Следующим был Донни Майерс, который, поднявшись со своего места и обратившись к присяжным, подвел окончательный итог. Он напомнил о более чем сорока свидетелях, утверждавших, что Белл похитил и убил Шари Смит не в состоянии помрачения рассудка, а со злобой в сердце.
– Нужно ли нам вообще говорить о «Последней воле и завещании» Шари и документе Шеппардов – уликах, благодаря которым было раскрыто дело? В этом блокноте был номер телефона. У кого, единственного, кроме хозяев, был ключ от дома? Кому оставили блокнот? Блокнот, в котором писалась «Последняя воля и завещание»? И что, находясь в исправительном учреждении, сказал полицейским Ларри Джин Белл? «Я, кажется, выбросил этот блокнот». Вас это убеждает? Нет никаких сомнений?

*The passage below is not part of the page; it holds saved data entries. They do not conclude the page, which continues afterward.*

(* Let $a,b$ be rational numbers with $a+b\in\mathbb{Z}$, and let $n$ be a nonnegative integer with $n\ge -(a+b)$. Then, as $z\to\infty$, $$\left(\frac{z-1}{2}\right)^a\left(\frac{z+1}{2}\right)^b J_n(a,b,z)-J_{n+a+b}(-a,-b,z)=O\big(z^{-(n+1)}\big),$$ i.e. the Laurent expansion at $\infty$ of the left-hand side contains only powers $z^j$ with $j\le -(n+1)$.
   Context: For a nonnegative integer $N$ and complex parameters $\alpha,\beta$, the (generalized) Jacobi polynomial is $$J_N(\alpha,\beta,x)=\sum_{j=0}^{N}\binom{N+\alpha+\beta+j}{j}\binom{N+\alpha}{N-j}\left(\frac{x-1}{2}\right)^j,$$ where $\binom{y}{j}=y(y-1)\cdots(y-j+1)/j!$ for arbitrary $y$. For rational $a,b$ with $a+b\in\mathbb Z$, the expression $(z-1)^a(z+1)^b$ denotes the single-valued function on $|z|>1$ given by $z^{a+b}(1-1/z)^a(1+1/z)^b$ (principal binomial series), i.e. the branch whose Laurent expansion at $\infty$ has leading term $z^{a+b}$ with coefficient $1$; and $\left(\frac{z-1}{2}\right)^a\left(\frac{z+1}{2}\right)^b$ means $2^{-(a+b)}(z-1)^a(z+1)^b$. Note $n+a+b$ is a nonnegative integer, so $J_{n+a+b}(-a,-b,z)$ is defined. *)

From mathcomp Require Import all_boot all_order all_algebra.
Set Implicit Arguments. Unset Strict Implicit. Unset Printing Implicit Defensive.
Import Order.TTheory GRing.Theory Num.Theory.
Local Open Scope ring_scope.

Definition gbinom (y : rat) (j : nat) : rat :=
  (\prod_(i < j) (y - i%:R)) / (j`!)%:R.
(* There exists a deterministic distributed algorithm with advice (an oracle together with an algorithm) that solves Selection in every anonymous port-labeled graph $G$ whose Selection index $\psi_S(G)$ is finite, using exactly $\psi_S(G)$ communication rounds and advice of size $O((\Delta-1)^{\psi_S(G)}\log \Delta)$, where $\Delta$ is the maximum degree of $G$.
   Context: Networks are simple undirected connected graphs without node identifiers; at each node of degree $d$ incident edges have distinct local port numbers $0,\dots,d-1$. Communication is in the synchronous LOCAL model (all nodes start together; each round every node exchanges arbitrary messages with all neighbors); initially a node knows only its degree. In the advice model, an oracle knowing the whole port-labeled graph $G$ gives the same binary string to all nodes at the start; its length is the size of advice. Selection: exactly one node outputs ''leader'' and all others output ''non-leader''. The Selection index $\psi_S(G)$ is the minimum number of rounds in which Selection can be solved on $G$ by a deterministic algorithm when every node knows the complete map of $G$ (an isomorphic copy with all port numbers); it is finite iff the views of all nodes are distinct, where the view of $v$ is the infinite tree of all finite paths from $v$ coded by their port-number sequences. *)

From mathcomp Require Import all_boot.
Set Implicit Arguments. Unset Strict Implicit. Unset Printing Implicit Defensive.

(* Nodes are 0 .. gn-1 (the numbering is only for the oracle / for stating  *)
(* things; nodes never see it).  Node v has degree gdeg v; its port p        *)
(* (p < gdeg v) leads to neighbour gnbr v p, and the edge arrives there at   *)
(* port gback v p.                                                           *)
Record PGraph := mkPGraph {
  gn    : nat;
  gdeg  : nat -> nat;
  gnbr  : nat -> nat -> nat;
  gback : nat -> nat -> nat }.

Fixpoint walk (G : PGraph) (v : nat) (ps : seq nat) : option nat :=
  match ps with
  | [::] => Some v
  | p :: ps' => if p < gdeg G v then walk G (gnbr G v p) ps' else None
  end.

Definition valid_graph (G : PGraph) : Prop :=
  0 < gn G /\
  (forall v p, v < gn G -> p < gdeg G v ->
     [/\ gnbr G v p < gn G,
         gback G v p < gdeg G (gnbr G v p),
         gnbr G (gnbr G v p) (gback G v p) = v,
         gback G (gnbr G v p) (gback G v p) = p &
         (gnbr G v p <> v /\
          forall q, q < gdeg G v -> gnbr G v q = gnbr G v p -> q = p)]) /\
  (forall u w, u < gn G -> w < gn G -> exists ps, walk G u ps = Some w).

Definition maxdeg (G : PGraph) : nat := \max_(v < gn G) gdeg G v.

(* A node starts knowing only the advice string and its degree.  In each    *)
(* round every node sends on each port p a message (computed from its state *)
(* and p), then updates its state from the messages received, indexed by    *)
(* the local port of arrival (None for non-existing ports).  A node outputs *)
(* the first time [decide] returns Some b (true = leader, false = non-      *)
(* leader); this first output is final.                                     *)
Record Algo := mkAlgo {
  st     : Type;
  msg    : Type;
  init   : seq bool -> nat -> st;
  send   : st -> nat -> msg;
  step   : st -> (nat -> option msg) -> st;
  decide : st -> option bool }.

Fixpoint states (A : Algo) (G : PGraph) (adv : seq bool) (t : nat) : nat -> st A :=
  match t with
  | 0 => fun v => @init A adv (gdeg G v)
  | t'.+1 =>
      let s := states A G adv t' in
      fun v => @step A (s v)
        (fun p => if p < gdeg G v then Some (@send A (s (gnbr G v p)) (gback G v p))
                  else None)
  end.

Fixpoint first_some (f : nat -> option bool) (k : nat) : option bool :=
  match k with
  | 0 => f 0
  | k'.+1 => match first_some f k' with
             | Some b => Some b
             | None => f k'.+1
             end
  end.

Definition out_by (A : Algo) (G : PGraph) (adv : seq bool) (T v : nat) : option bool :=
  first_some (fun t => @decide A (states A G adv t v)) T.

Далее Майерс отметил, что человек, «оторванный от реальности», каким Белла изображала защита, не мог бы с абсолютной точностью, как звонивший, описать, что он сделал с Шари и где оставил ее тело.
– Так кто он? Человек, который не в своем уме, оторван от действительности и не контролирует ситуацию, или человек, который получает болезненное удовольствие от того, что похищает девушек, убивает их, а затем звонит их семьям? Вопрос прост. – Майерс повысил голос. – Может ли Ларри Джин Белл следовать закону? Желает ли Ларри Джин Белл следовать закону? Кто он, настоящий Ларри Джин Белл? Вы знаете ответ. Воспользуйтесь здравым смыслом.